Malicious Solidity VSCode Extension on Open VSX Targets Developers
Security researchers have recently identified a remote access trojan named SleepyDuck, disguised as a popular Solidity extension in the Open VSX open-source registry. This malicious software can establish a communication channel with attackers using an Ethereum smart contract.
Overview of Open VSX
Open VSX serves as a community-driven repository for Visual Studio Code (VS Code) extensions. These extensions are widely used in various integrated development environments (IDEs), such as Cursor and Windsurf.

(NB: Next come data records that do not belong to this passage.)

(* A vertex is a word [a_1; ...; a_k] of naturals with a_1 < N and a_i < N-1
   for i >= 2.  The root o is the empty word; the children of the root are
   [:: a] (a < N), the children of a non-root word x are rcons x a (a < N-1);
   each vertex is adjacent to its children and to its parent.  Hence every
   vertex has degree N. *)
Definition validw (N : nat) (s : seq nat) : bool :=
  match s with
  | [::] => true
  | a :: t => (a < N)%N && all (fun b => b < N.-1)%N t
  end.

Definition child (x y : seq nat) : bool :=
  (size y == (size x).+1) && (take (size x) y == x).

Definition adj (N : nat) (x y : seq nat) : bool :=
  [&& validw N x, validw N y & child x y || child y x].

Definition children (N : nat) (x : seq nat) : seq (seq nat) :=
  map (rcons x) (iota 0 (if x is [::] then N else N.-1)).

Definition nbrs (N : nat) (x : seq nat) : seq (seq nat) :=
  (if x is [::] then [::] else [:: take (size x).-1 x]) ++ children N x.

Fixpoint walkb (N : nat) (k : nat) (x y : seq nat) : bool :=
  match k with
  | 0 => x == y
  | k'.+1 => has (fun z => walkb N k' z y) (nbrs N x)
  end.

(* graph distance: the least k admitting a walk of length k
   (searched up to size x + size y, which always suffices in the tree) *)
Definition dist (N : nat) (x y : seq nat) : nat :=
  find (fun k => walkb N k x y) (iota 0 (size x + size y).+1).

Definition root : seq nat := [::].

Fixpoint words (N : nat) (k : nat) : seq (seq nat) :=
  match k with
  | 0 => [:: [::]]
  | k'.+1 => flatten [seq children N x | x <- words N k']
  end.
Definition ballcand (N n : nat) : seq (seq nat) :=
  flatten [seq words N k | k <- iota 0 n.+1].

Section Weighted.
Variable R : realType.

Definition is_weight (N : nat) (mu : seq nat -> seq nat -> R) : Prop :=
  forall x y, validw N x -> validw N y ->
    [/\ mu x y = mu y x, 0 <= mu x y & (0 < mu x y <-> adj N x y)].

Definition muv (N : nat) (mu : seq nat -> seq nat -> R) (x : seq nat) : R :=
  \sum_(y <- nbrs N x) mu x y.

(* W_o(n) = sum_{x in B(o,n), y in V, d(o,x) < d(o,y)} mu_xy
   (mu_xy = 0 unless y ~ x, so y ranges over the neighbours of x) *)
Definition Wo (N : nat) (mu : seq nat -> seq nat -> R) (n : nat) : R :=
  \sum_(x <- ballcand N n | (dist N root x <= n)%N)
    \sum_(y <- nbrs N x | (dist N root x < dist N root y)%N) mu x y.

Definition mlap (N : nat) (mu : seq nat -> seq nat -> R) (m : R)
    (u : seq nat -> R) (x : seq nat) : R :=
  (muv N mu x)^-1 *
    \sum_(y <- nbrs N x) mu x y * (`|u y - u x| `^ (m - 2)) * (u y - u x).

Definition gradn (N : nat) (mu : seq nat -> seq nat -> R)
    (u : seq nat -> R) (x : seq nat) : R :=
  Num.sqrt (\sum_(y <- nbrs N x)
              mu x y / (2 * muv N mu x) * (u y - u x) ^+ 2).

(* u is a nontrivial positive solution of Delta_m u + u^p |grad u|^q <= 0.
   When q < 0 and |grad u(x)| = 0 the term |grad u(x)|^q is +oo, so the
   inequality can only hold where |grad u(x)| > 0; this is required explicitly. *)
Definition nontriv_pos_sol (N : nat) (mu : seq nat -> seq nat -> R)
    (m p q : R) (u : seq nat -> R) : Prop :=
  (forall x, validw N x -> 0 < u x) /\
  (exists x y, [/\ validw N x, validw N y & u x != u y]) /\
  (forall x, validw N x ->
     (q < 0 -> 0 < gradn N mu u x) /\
     mlap N mu m u x + (u x `^ p) * (gradn N mu u x `^ q) <= 0).

End Weighted.

From Pilot Require Import Defs.
From HB Require Import structures.
From mathcomp Require Import all_boot all_order all_algebra.
From mathcomp Require Import all_classical all_reals all_analysis.
From mathcomp Require Import ring lra zify.
Import Order.TTheory GRing.Theory Num.Theory.
Set Implicit Arguments. Unset Strict Implicit. Unset Printing Implicit Defensive.

(* Look at the tree from the end 0 0 0 ...: its Busemann function b drops by one
   along exactly one edge at each vertex and rises by one along the other N - 1.
   For the weight mu_xy = s^(min (b x) (b y)) and u = t^b, the m-Laplacian and the
   gradient are therefore homogeneous: Delta_m u = u^(m-1) L(t, sg) and
   |grad u| = u G(t, sg) with sg = (N - 1) s, so when p + q = m - 1 the inequality
   reduces to the scalar condition L + G^q <= 0.  For q > 0 it holds for t large and
   sg small, since then G^q is about (1 - 1/t)^q 2^(-q/2) while L is about
   -(1 - 1/t)^(m-1); for q < 0 and m < 3 one makes sg t^2 large (so G^q is small)
   while sg t^(m-1) stays small.  The edges between spheres k and k + 1 weigh
   about s^-(k+1), the ray 0 0 ... 0 dominating, hence W_o(n) is comparable to
   s^-n and lambda = - ln s. *)

Section Tree.
Variable N : nat.

Definition nchildren (x : seq nat) : nat := if x is [::] then N else N.-1.

Lemma childrenE x : children N x = map (rcons x) (iota 0 (nchildren x)).
Proof. by []. Qed.

Lemma mem_children x y :
  y \in children N x -> exists2 a, (a < nchildren x)%N & y = rcons x a.
Proof. by rewrite childrenE => /mapP[a]; rewrite mem_iota => /= ? ->; exists a. Qed.

Lemma nchildren_gt0 x : (1 < N)%N -> (0 < nchildren x)%N.
Proof. by case: x => //=; case: N => [|[]]. Qed.

Lemma children_first x : (1 < N)%N ->
  children N x = rcons x 0 :: [seq rcons x a | a <- index_iota 1 (nchildren x)].
Proof.
move=> /(nchildren_gt0 x); rewrite childrenE /index_iota.
by case: (nchildren x) => // c _; rewrite subn1.
Qed.

Lemma nbrs_rcons y b : nbrs N (rcons y b) = y :: children N (rcons y b).
Proof. by rewrite /nbrs size_rcons -cats1 take_size_cat //; case: y. Qed.

Lemma validw_rcons x a : validw N (rcons x a) = validw N x && (a < nchildren x)%N.
Proof.
case: x => [|b t] /=; first by rewrite andbT.
by rewrite all_rcons; case: (b < N)%N; case: (a < N.-1)%N; case: all.
Qed.

Lemma validw_take k x : validw N x -> validw N (take k x).
Proof.
rewrite -{1}(cat_take_drop k x); case: (take k x) => [//|b t] /= /andP[-> ].
by rewrite all_cat => /andP[].
Qed.

Lemma adj_nbrs x y : validw N x -> y \in nbrs N x -> adj N x y.
Proof.
move=> vx; rewrite /nbrs mem_cat => /orP[|/mem_children[a ha ->]].
  case: x vx => [//|b t] vx; rewrite inE => /eqP ->.
  by rewrite /adj vx validw_take //= /child size_take /= ltnSn !eqxx orbT.
rewrite /adj vx validw_rcons vx ha /= /child size_rcons eqxx /=.
by rewrite -cats1 take_size_cat // eqxx.
Qed.

Lemma adjC x y : adj N x y = adj N y x.
Proof. by rewrite /adj orbC; case: (validw N x); case: (validw N y). Qed.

Details of the Malicious Extension
The harmful extension is listed as ‘juan-bianco.solidity-vlang’ and has been downloaded over 53,000 times. Though Open VSX has issued a warning about it, the extension remains available on the platform. At the time of its initial submission on October 31, it posed no threat. However, an update the following day introduced malicious capabilities, already garnering around 14,000 downloads by then.
Malware Communication Mechanism
- The trojan utilizes an Ethereum smart contract to update its command-and-control (C2) server address.
- Even if the default C2 server is disabled, the malware remains functional due to the contract’s presence on the Ethereum blockchain.
Operational Characteristics of SleepyDuck
Since its release with version 0.0.7 until version 0.1.3 on November 2, the extension accumulated a total of 53,439 downloads. It has received one 5-star rating, which is attributed to its creator. The malicious code triggers under various circumstances, including editor startup, when a Solidity file is accessed, or during the execution of the Solidity compile command.
Malicious Behavior upon Activation
Upon activation, SleepyDuck performs the following actions:
- Creates a lock file to ensure it runs once per host.
- Calls a deceptive ‘webpack.init()’ function to obscure its true nature.
- Loads a malicious payload instead of a legitimate function.
Data Collection and Command Execution
Once initialized, the malware collects system data, such as hostname, username, MAC address, and timezone. It establishes a command execution environment that seeks the fastest Ethereum RPC provider for retrieving updated C2 information. The malware operates in a continuous polling loop to maintain communication and receive commands.
Security Measures by Open VSX
The rise in malicious activity targeting Open VSX has led to new security initiatives. The platform recently announced enhancements designed to protect its users, which include:
- Reducing token lifetimes.
- Quickly revoking compromised credentials.
- Implementing automated scans for threats.
- Collaborating with VS Code to share information about emerging security risks.
Best Practices for Developers
Developers are urged to be cautious when downloading VS Code extensions. It is essential to trust only reputable publishers and their official repositories to mitigate all risks associated with malicious software.
Given the increasing sophistication of threats such as SleepyDuck, vigilance is necessary in today’s digital landscape.